*Required work:* Find the word "mmax" in the records below. List each line containing it.
------ Entries supplied
(* [rot_pos n k n.-1] is the cyclic predecessor of position [k]. *)
Lemma exists_cyclic_rise (P : pred nat) n :
  (exists2 i, i < n & P i) -> (exists2 i, i < n & ~~ P i) ->
  exists k, [/\ k < n, P k & ~~ P (rot_pos n k n.-1)].
Proof.
move=> [i hin hPi] [j hjn hPj].
have exP : exists i, P i by exists i.
case: (ex_minnP exP) => k hPk kmin.
have hkn : k < n by apply: leq_ltn_trans (kmin _ hPi) hin.
case: k hPk kmin hkn => [|k] hPk kmin hkn; last first.
  exists k.+1; split=> //; rewrite /rot_pos ifF; last by lia.
  by apply/negP => /kmin; rewrite (_ : _ - n = k) ?ltnn //; lia.
have exnP : exists j, (j < n) && ~~ P j by exists j; rewrite hjn.
have bnd j' : (j' < n) && ~~ P j' -> j' <= n.-1 by case/andP; lia.
case: (ex_maxnP exnP bnd) => m /andP [hmn hPm] mmax.
case: (m =P n.-1) => [mlast | /eqP mlast].
  by exists 0; split; rewrite // /rot_pos add0n ifT -?mlast //; lia.
exists m.+1; split; first lia.
- apply/negPn/negP => hP; suff : m.+1 <= m by rewrite ltnn.
  by apply: mmax; rewrite hP andbT; lia.
- rewrite /rot_pos ifF; last lia.
  by rewrite (_ : _ - n = m); last lia.
Qed.

(** * Holes and their neighbours *)

Section Holes.
Variables (T : finType) (e : rel T).
Hypotheses (e_sym : symmetric e) (e_irr : irreflexive e).

Lemma hole_adj (c : seq T) x0 i j : hole e c -> i < size c -> j < size c ->
  e (nth x0 c i) (nth x0 c j) = cycle_adj (size c) i j.
Proof.
case=> _ [_ adj] hi hj; have := adj (Ordinal hi) (Ordinal hj).
by rewrite !(tnth_nth x0) /= => ->; rewrite cycle_adjE.
Qed.

Lemma hole_of_adj (c : seq T) x0 : uniq c -> 4 <= size c ->
  (forall i j, i < size c -> j < size c ->
     e (nth x0 c i) (nth x0 c j) = cycle_adj (size c) i j) -> hole e c.
Proof.
move=> uc c4 adj; do 2!split=> //.
by move=> i j; rewrite !(tnth_nth x0) adj // cycle_adjE.
Qed.

Lemma hole_rot (c : seq T) k : hole e c -> k <= size c -> hole e (rot k c).
Proof.
case: c => [|x0 c'] hc hk; first by case: hc => _ [].
have [uc [c4 _]] := hc.
apply: (@hole_of_adj _ x0); rewrite ?rot_uniq ?size_rot // => i j hi hj.
rewrite !nth_rot // hole_adj ?rot_pos_lt //.
by rewrite /cycle_adj /rot_pos; case: ifP => ?; case: ifP => ?; apply/idP/idP; lia.
Qed.

Lemma shortest_even_hole_rot (c : seq T) k : shortest_even_hole e c -> k <= size c ->
  shortest_even_hole e (rot k c).
Proof.
move=> [[hc ev] shortest] hk; rewrite /shortest_even_hole /even_hole size_rot.
by split; [split; first exact: hole_rot | move=> h /shortest].
Qed.

Definition attaches (c : seq T) (x : T) (P : pred nat) : Prop :=
  forall i, i < size c -> e x (nth x c i) = P i.

Lemma attaches_rot (c : seq T) x P k : k <= size c -> attaches c x P ->
  attaches (rot k c) x (fun i => P (rot_pos (size c) k i)).
Proof. by move=> hk hP i; rewrite size_rot => hi; rewrite nth_rot // hP // rot_pos_lt. Qed.

Lemma hole_cons_take (c : seq T) x m : hole e c -> x \notin c -> 3 <= m < size c ->
  (forall i, i < m -> e x (nth x c i) = (i == 0) || (i == m.-1)) ->
  hole e (x :: take m c).
Proof.
move=> hc xc hm hx; have [uc _] := hc.
have sz : size (take m c) = m by rewrite size_take ifT //; lia.
apply: (@hole_of_adj _ x); rewrite /= ?sz.
- by rewrite take_uniq ?andbT //; apply: contra xc; apply: mem_take.
- lia.
case=> [|i] [|j] hi hj /=.
- by rewrite e_irr /cycle_adj; apply/esym/idP; lia.
- by rewrite nth_take ?hx /cycle_adj; [apply/idP/idP | |]; lia.
- by rewrite e_sym nth_take ?hx /cycle_adj; [apply/idP/idP | |]; lia.
- rewrite !nth_take ?hole_adj //; try lia.
  by rewrite /cycle_adj; apply/idP/idP; lia.
Qed.

Lemma eq_NC (c c' : seq T) x : c =i c' -> NC e c x = NC e c' x.
Proof. by move=> cc'; apply/setP=> y; rewrite !inE cc'. Qed.

Lemma eq_NG (c c' : seq T) : c =i c' -> NG e c = NG e c'.
Proof.
move=> cc'; apply/setP=> y; rewrite !inE cc'; congr (_ && _).
by apply: eq_existsb => z; rewrite !inE cc'.
Qed.

Lemma eq_major (c c' : seq T) x : c =i c' -> major e c x <-> major e c' x.
Proof. by move=> cc'; rewrite /major (eq_NC x cc') cc'. Qed.

Lemma eq_Ni (c c' : seq T) i x : c =i c' -> Ni e c i x -> Ni e c' i x.
Proof.
move=> cc' [xN [nm hN]]; rewrite /Ni -(eq_NG cc') -(eq_NC x cc').
by split=> //; split=> //; rewrite -(eq_major x cc').
Qed.

Lemma eq_Nij (c c' : seq T) i j x : c =i c' -> Nij e c i j x -> Nij e c' i j x.
Proof.
move=> cc' [xN [nm hN]]; rewrite /Nij -(eq_NG cc') -(eq_NC x cc').
by split=> //; split=> //; rewrite -(eq_major x cc').
Qed.

Lemma eq_clean (c c' : seq T) : c =i c' -> clean e c -> clean e c'.
Proof.
move=> cc' [nomaj no22]; have c'c : c' =i c by move=> y; rewrite cc'.
by split=> x; [move/(eq_major x c'c); apply: nomaj | move/(eq_Nij c'c); apply: no22].
Qed.

(* [nth_uniq] and [index_uniq] restated for [seq T]: their side conditions then
   mention the same [size c] as the context, which [lia] relies on. *)
Lemma nth_eq_nth (c : seq T) x0 i j : uniq c -> i < size c -> j < size c ->
  (nth x0 c i == nth x0 c j) = (i == j).
Proof. by move=> uc hi hj; rewrite nth_uniq. Qed.

Lemma index_nth_uniq (c : seq T) x0 i : uniq c -> i < size c -> index (nth x0 c i) c = i.
Proof. by move=> uc hi; rewrite index_uniq. Qed.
------------
*Reply:*
case: (ex_maxnP exnP bnd) => m /andP [hmn hPm] mmax.
  by apply: mmax; rewrite hP andbT; lia.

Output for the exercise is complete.